Le 16 novembre 2017, les prud’hommes ont condamné la société de crèches privées People & Baby pour discrimination syndicale envers cinq militantes de la CNT. Retour sur une lutte engagée en 2006 avec Sophie, déléguée syndicale.
Pourquoi, en 2006, l’entreprise privée People & Baby a-t-elle repris la gestion de la halte-garderie Giono dans le 13e arrondissement ?
L’entreprise People & Baby venait de se créer et se développait en répondant à des appels d’offres de municipalités et en montant ses propres structures. C’est la Ville de Paris qui a fait un appel d’offres et privilégié le privé au détriment de l’associatif.
Quels ont été les impacts de la gestion par P&B ?
Un fort mécontentement des professionnelles et des parents jusqu’alors très satisfaits du projet pédagogique de l’association. Alors qu’on favorisait l’autonomie des enfants dans un espace de liberté sous le regard bienveillant des professionnelles, P&B nous répondait : barrières de sécurité, nettoyage de frigos, etc., sans prise en compte ni compréhension de notre projet pédagogique. Ils privilégiaient « l’efficacité » au détriment de la « qualité », à savoir le respect des jeunes enfants. Nous avions un taux d’encadrement plus élevé que la moyenne pour combler les éventuels arrêts maladies/congés et, là, on se retrouvait régulièrement trop peu nombreuses pour assumer notre projet. Nous étions habituées à des réunions « horizontales » d’équipe où la parole de chacune était prise en compte. Nous nous sommes retrouvées avec un système managérial, des convocations régulières sans se soucier du nombre de professionnelles qui restaient auprès des enfants. Avec P&B, il n’avait plus ni CHSCT ni convention collective et ils ont voulu remettre en cause nos horaires, notamment notre jour de congé hebdomadaire.
Quelles ont été vos réactions ?
Nous avons constitué une section Confédération nationale du travail (CNT) qui, avec ses pratiques autogestionnaires, nous a semblé correspondre le mieux à nos revendications et notre façon de travailler entre nous et auprès des enfants. Nous avons écrit et diffusé des tracts sur notre halte-garderie et sur d’autres structures, et exigé un panneau syndical. La direction a augmenté les convocations, les appels sur nos téléphones personnels.

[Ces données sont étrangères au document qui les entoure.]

Theorem proposition3p3 (b : C) (r1 : R) (r2 : Rbar) (X1 X2 X3 : C -> R) :
  0 <= r1 -> Rbar_lt (Finite r1) r2 ->
  is_Re_primitive r1 r2 b X1 X2 X3 ->
  (complete_immersion r1 r2 X1 X2 X3 <->
   (r1 = 0 /\ r2 = p_infty /\ ~ (Im b = 0 /\ Re b < 0))).
Proof.
  intros Hr1 Hr12 HX; split.
  - intros [Himm Hcompl].
    assert (E1 : r1 = 0).
    { destruct (Req_dec r1 0) as [| Hne]; [assumption | exfalso].
      apply (not_complete_inner_boundary b r1 r2 X1 X2 X3); auto; lra. }
    assert (E2 : r2 = p_infty).
    { destruct r2 as [r2 | |]; [exfalso | reflexivity | contradiction].
      exact (not_complete_outer_boundary b r1 r2 X1 X2 X3 Hr1 Hr12 HX Hcompl). }
    subst r1 r2; split; [reflexivity | split; [reflexivity |]].
    intros [Hi Hre]; exact (not_immersion_of_neg_real b X1 X2 X3 HX Hi Hre Himm).
  - intros (-> & -> & Hb); split.
    + exact (immersion_of_not_neg_real b 0 p_infty X1 X2 X3 Hr1 HX Hb).
    + exact (induced_metric_complete_punctured b X1 X2 X3 HX Hb).
Qed.
Section Admissibility.
Variables (R : rcfType) (m : nat) (eta : R[i]).
Hypotheses (m_gt0 : (0 < m)%N) (eta_m : eta ^+ m = 1).
Local Notation F := (Fpoly R m).
Local Notation invariant p := (scale_inv eta (map_mpoly (real_complex R) p)).

Lemma invariant_homog (p : {mpoly R[2]}) : p \is m.-homog -> invariant p.
Proof. by move=> hp; apply: scale_inv_homog eta_m (map_mpoly_homog hp). Qed.

Lemma ev2_Bpoly00 r : (r < m)%N -> ev2 (Bpoly R m r) 0 0 = 0.
Proof.
move=> lt_rm; rewrite /ev2 mevalM rmorphXn /= mevalXU ffunE /= expr0n.
by rewrite subn_eq0 leqNgt lt_rm mul0r.
Qed.

(* Every polynomial below has the shape F - A + A P: the defining relation is the
   case P = F, and F - A + A P = 1 on the line x + y = 1 as soon as P is. *)
Lemma admissible_FAP (A P : {mpoly R[2]}) :
  invariant A -> invariant P -> (forall x y : R, x + y = 1 -> ev2 P x y = 1) ->
  ev2 A 0 0 = 0 ->
  coefs_ge0 (F - A + A * P) ->
  (exists2 H, coefs_ge0 H & F - A + A * P = F - H + H * F) ->
  admissible m eta (F - A + A * P).
Proof.
move=> invA invP lineP A00 ge0 [H ge0H eH]; split.
- rewrite /= rmorphD rmorphB rmorphM.
  exact: scale_inv_FAP (invariant_homog (Fpoly_homog R m)) invA invP.
- by move=> x y xy1; rewrite ev2_FAP ev2_Fpoly lineP // xy1 expr1n mulr1 subrK.
- exact: ge0.
- by rewrite ev2_FAP ev2_Fpoly A00 addr0 expr0n eqn0Ngt m_gt0 subr0 mul0r addr0.
- by exists H.
Qed.

Lemma admissible_Fpoly : admissible m eta F.
Proof.
have := @admissible_FAP 0 F; rewrite subr0 mul0r addr0; apply.
- by move=> x y; rewrite rmorph0 /ev2 !meval0.
- exact: invariant_homog (Fpoly_homog R m).
- by move=> x y xy1; rewrite ev2_Fpoly xy1 expr1n.
- by rewrite /ev2 meval0.
- exact: coefs_ge0F.
- exists 0; last by rewrite subr0 mul0r addr0.
  by move=> u; rewrite mcoeff0.
Qed.

Lemma admissible_seed r : (r < m)%N -> admissible m eta (seed R m r).
Proof.
move=> lt_rm; have le_rm := ltnW lt_rm.
apply: admissible_FAP.
- exact: invariant_homog (Bpoly_homog _ le_rm).
- exact: invariant_homog (Fpoly_homog R m).
- by move=> x y xy1; rewrite ev2_Fpoly xy1 expr1n.
- exact: ev2_Bpoly00.
- apply: coefs_ge0D (coefs_ge0_subF_Bpoly _ le_rm) _.
  exact: coefs_ge0M (coefs_ge0B _ le_rm) (coefs_ge0F R m).
- by exists (Bpoly R m r); first exact: coefs_ge0B.
Qed.

Lemma admissible_grow G : admissible m eta G -> admissible m eta (grow m G).
Proof.
case=> invG lineG ge0G _ [H [eG ge0H]]; rewrite /grow -Bpoly0.
have ge0B := coefs_ge0B R (leq0n m).
apply: admissible_FAP.
- exact: invariant_homog (Bpoly_homog _ (leq0n m)).
- exact: invG.
- exact: lineG.
- exact: ev2_Bpoly00.
- exact: coefs_ge0D (coefs_ge0_subF_Bpoly R (leq0n m)) (coefs_ge0M ge0B ge0G).
- exists (Bpoly R m 0 + Bpoly R m 0 * H); last by rewrite eG; ring.
  exact: coefs_ge0D ge0B (coefs_ge0M ge0B ge0H).
Qed.

End Admissibility.

Lemma mcoeff0_mul_homog (R : nzRingType) n d (p q : {mpoly R[n]}) :
  (0 < d)%N -> p \is d.-homog -> (q * p)@_0%MM = 0.
Proof.
move=> d_gt0 hp; apply/eqP; rewrite -[_ == 0]negbK -mcoeff_msupp; apply/negP.
case/msuppM_le/allpairsP => -[u v] [_ /= /(dhomog_mf hp) /= dv] /(congr1 mdeg).
by rewrite mdeg0 mdegD dv; lia.
Qed.

Section LowerBound.
Variables (R : rcfType) (m : nat).
Local Notation F := (Fpoly R m).
Local Notation P i := (mon (m - i) i).

Lemma sumset_uniq (T : seq 'X_{1..2}) (s : 'X_{1..2}) :
  uniq T -> (0 < mdeg s)%N -> {in T, forall t, (t <= s)%O} ->
  uniq ([seq (P m + t)%MM | t <- T] ++ [seq (P i + 0)%MM | i <- iota 0 m]
        ++ [seq (P i + s)%MM | i <- iota 0 m]).
Proof.
move=> uniqT s_gt0 s_max.
have P0 i t : (P i + t)%MM ord0 = (m - i + t ord0)%N by rewrite mnmDE monE0.
have P1 i t : (P i + t)%MM ord_max = (i + t ord_max)%N by rewrite mnmDE monE1.
have mdegP i t : (i <= m)%N -> mdeg (P i + t)%MM = (m + mdeg t)%N.
  by move=> le_im; rewrite mdegD mdeg_mon subnK.
have uniqP t : uniq [seq (P i + t)%MM | i <- iota 0 m].
  rewrite map_inj_uniq ?iota_uniq // => i j.
  by move/(congr1 (fun u : 'X_{1..2} => u ord_max))/eqP; rewrite !P1 eqn_add2r => /eqP.
rewrite !cat_uniq !uniqP map_inj_uniq; last exact: addmI.
rewrite uniqT has_cat negb_or !andbT /= -andbA; apply/and3P; split.
- apply/hasPn => u /mapP [i i_m ->]; apply/mapP => -[t _].
  move/(congr1 (fun u : 'X_{1..2} => u ord_max)); rewrite !P1 mnm0E.
  by move: i_m; rewrite mem_iota; lia.
- apply/hasPn => u /mapP [i i_m ->]; apply/mapP => -[t Tt e].
  have := s_max t Tt; rewrite leNgt => /negP; apply.
  have deg_st : mdeg s = mdeg t.
    by move: (congr1 mdeg e); rewrite !mdegP //; move: i_m; rewrite mem_iota; lia.
  apply/(ltmcP deg_st); exists ord0 => [j|]; first by rewrite ltn0.
  move: (congr1 (fun u : 'X_{1..2} => u ord0) e); rewrite !P0 subnn.
  by move: i_m; rewrite mem_iota; lia.
- apply/hasPn => u /mapP [i i_m ->]; apply/mapP => -[j j_m /(congr1 mdeg)].
  by rewrite !mdegP ?mdeg0; move: i_m j_m; rewrite !mem_iota; lia.
Qed.

Lemma Nterms_mulF_ge (q : {mpoly R[2]}) :
  coefs_ge0 q -> 0%MM \in msupp q -> (exists2 s, s \in msupp q & s != 0%MM) ->
  (Nterms q + 2 * m <= Nterms (q * F))%N.
Proof.
move=> ge0q q0 [s' qs' s'0]; set s := mlead q.
have qs : s \in msupp q.
  by apply: mlead_supp; apply: contraTneq q0 => ->; rewrite msupp0.
have s_gt0 : (0 < mdeg s)%N.
  by rewrite (leq_trans _ (lemc_mdeg (msupp_le_mlead qs'))) // lt0n mdeg_eq0.
have P_in i (t : 'X_{1..2}) :
    (i <= m)%N -> t \in msupp q -> (P i + t)%MM \in msupp (q * F).
  move=> le_im qt.
  exact: msuppM_ge0 ge0q (coefs_ge0F R m) qt (mem_msupp_Fpoly R le_im).
have := @uniq_leq_size _ _ (msupp (q * F))
  (sumset_uniq (msupp_uniq q) s_gt0 (fun t => @msupp_le_mlead _ _ q t)).
rewrite /Nterms !size_cat !size_map size_iota mul2n -addnn; apply.
move=> u; rewrite !mem_cat => /or3P [] /mapP [i i_in ->]; first exact: P_in.
- by apply: P_in => //; move: i_in; rewrite mem_iota; lia.
- by apply: P_in => //; move: i_in; rewrite mem_iota; lia.
Qed.

End LowerBound.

Alors, on s’est dit qu’il fallait passer à l’étape suivante : une journée de grève, le 1er mars 2010.
Alors vous avez été mises à pied ?
Dès le lendemain de cette grève suivie par toutes les travailleuses, à l’exception du personnel de direction, nous avons été mises à pied puis licenciées, sauf moi qui était représentante de la section syndicale. L’inspection du travail a refusé mon licenciement et trouvé qu’il y avait un lien entre nos licenciements et la journée de grève. Lors d’une visite au siège, l’inspecteur du travail est tombé sur des mails entre P&B et la Ville de Paris qui suggérait de se débarrasser de moi et des autres syndiquées. Pour justifier nos licenciements, ils ont invoqué le non-respect des normes d’hygiène et de sécurité, faisant même un photomontage présentant de la mort-aux-rats dans les jouets des enfants. Accusations rejetées par les prud’hommes.
Les actions (tracts, revendications) ont parlé aux collègues des autres structures, et une vingtaine ont pris contact. La Ville de Paris et P&B ont choisi de nous évincer car la petite enfance reste un sujet sensible pour leur image.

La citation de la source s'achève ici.